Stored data

..............................

(* The shift preserves mu: mu and its push-forward both give measure 2^-n to
   every cylinder of length n, and cylinders form a pi-system generating the
   Borel sets.  Hence |f (g o sigma)| <= |f|_oo |g o sigma| = |f|_oo |g|.
   For the lower bound at x, the normalised indicator g = 2^(n/2) 1_[x_0..x_(n-1)]
   is a unit vector, and g o sigma equals 2^(n/2) on the two cylinders
   [0 x_0..x_(n-1)] and [1 x_0..x_(n-1)], each of measure 2^-(n+1).  For n
   large, continuity keeps |f| above |f(0x)| - e and |f(1x)| - e on them, so
   |f (g o sigma)| is at least the quadratic mean of these two numbers, which
   dominates their arithmetic mean and hence |L f (x)| - e.  When f ignores
   the first coordinate, L f (x) = f (0x) and f y = L f (sigma y), so
   |L f|_oo = |f|_oo and the chain collapses. *)

From Pilot Require Import Defs.
From HB Require Import structures.
From mathcomp Require Import all_boot all_order all_algebra.
From mathcomp Require Import all_classical all_reals all_analysis measurable_realfun.
From mathcomp Require Import ring lra.
Set Implicit Arguments.
Unset Strict Implicit.
Unset Printing Implicit Defensive.

Import Order.TTheory GRing.Theory Num.Theory.
Import numFieldNormedType.Exports.
Local Open Scope classical_set_scope.
Local Open Scope ring_scope.

(* MathComp-Analysis exports its own [shift] (translation in a zmodule),
   which would otherwise capture the name. *)
Local Notation shift := Defs.shift.

Lemma cylinder_mkseqP (x y : nat -> bool) n :
  cylinder (mkseq x n) y <-> forall i, (i < n)%N -> y i = x i.
Proof.
rewrite /cylinder /= size_mkseq.
by split=> h i ilt; rewrite h // nth_mkseq.
Qed.

Lemma mkseq_scons b (x : nat -> bool) n : mkseq (scons b x) n.+1 = b :: mkseq x n.
Proof. by rewrite /mkseq /= -[1%N]/(1 + 0)%N iotaDl -map_comp. Qed.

..............................

- **Task item**: Please let your answer be exactly the lines from the one holding "From mathcomp Require Import all_boot" through the last line of the entries above, both ends included.

- **Expected answer**:
From mathcomp Require Import all_boot all_order all_algebra.
From mathcomp Require Import all_classical all_reals all_analysis measurable_realfun.
From mathcomp Require Import ring lra.
Set Implicit Arguments.
Unset Strict Implicit.
Unset Printing Implicit Defensive.

Import Order.TTheory GRing.Theory Num.Theory.
Import numFieldNormedType.Exports.
Local Open Scope classical_set_scope.
Local Open Scope ring_scope.

(* MathComp-Analysis exports its own [shift] (translation in a zmodule),
   which would otherwise capture the name. *)
Local Notation shift := Defs.shift.

Lemma cylinder_mkseqP (x y : nat -> bool) n :
  cylinder (mkseq x n) y <-> forall i, (i < n)%N -> y i = x i.
Proof.
rewrite /cylinder /= size_mkseq.
by split=> h i ilt; rewrite h // nth_mkseq.
Qed.

Lemma mkseq_scons b (x : nat -> bool) n : mkseq (scons b x) n.+1 = b :: mkseq x n.
Proof. by rewrite /mkseq /= -[1%N]/(1 + 0)%N iotaDl -map_comp. Qed.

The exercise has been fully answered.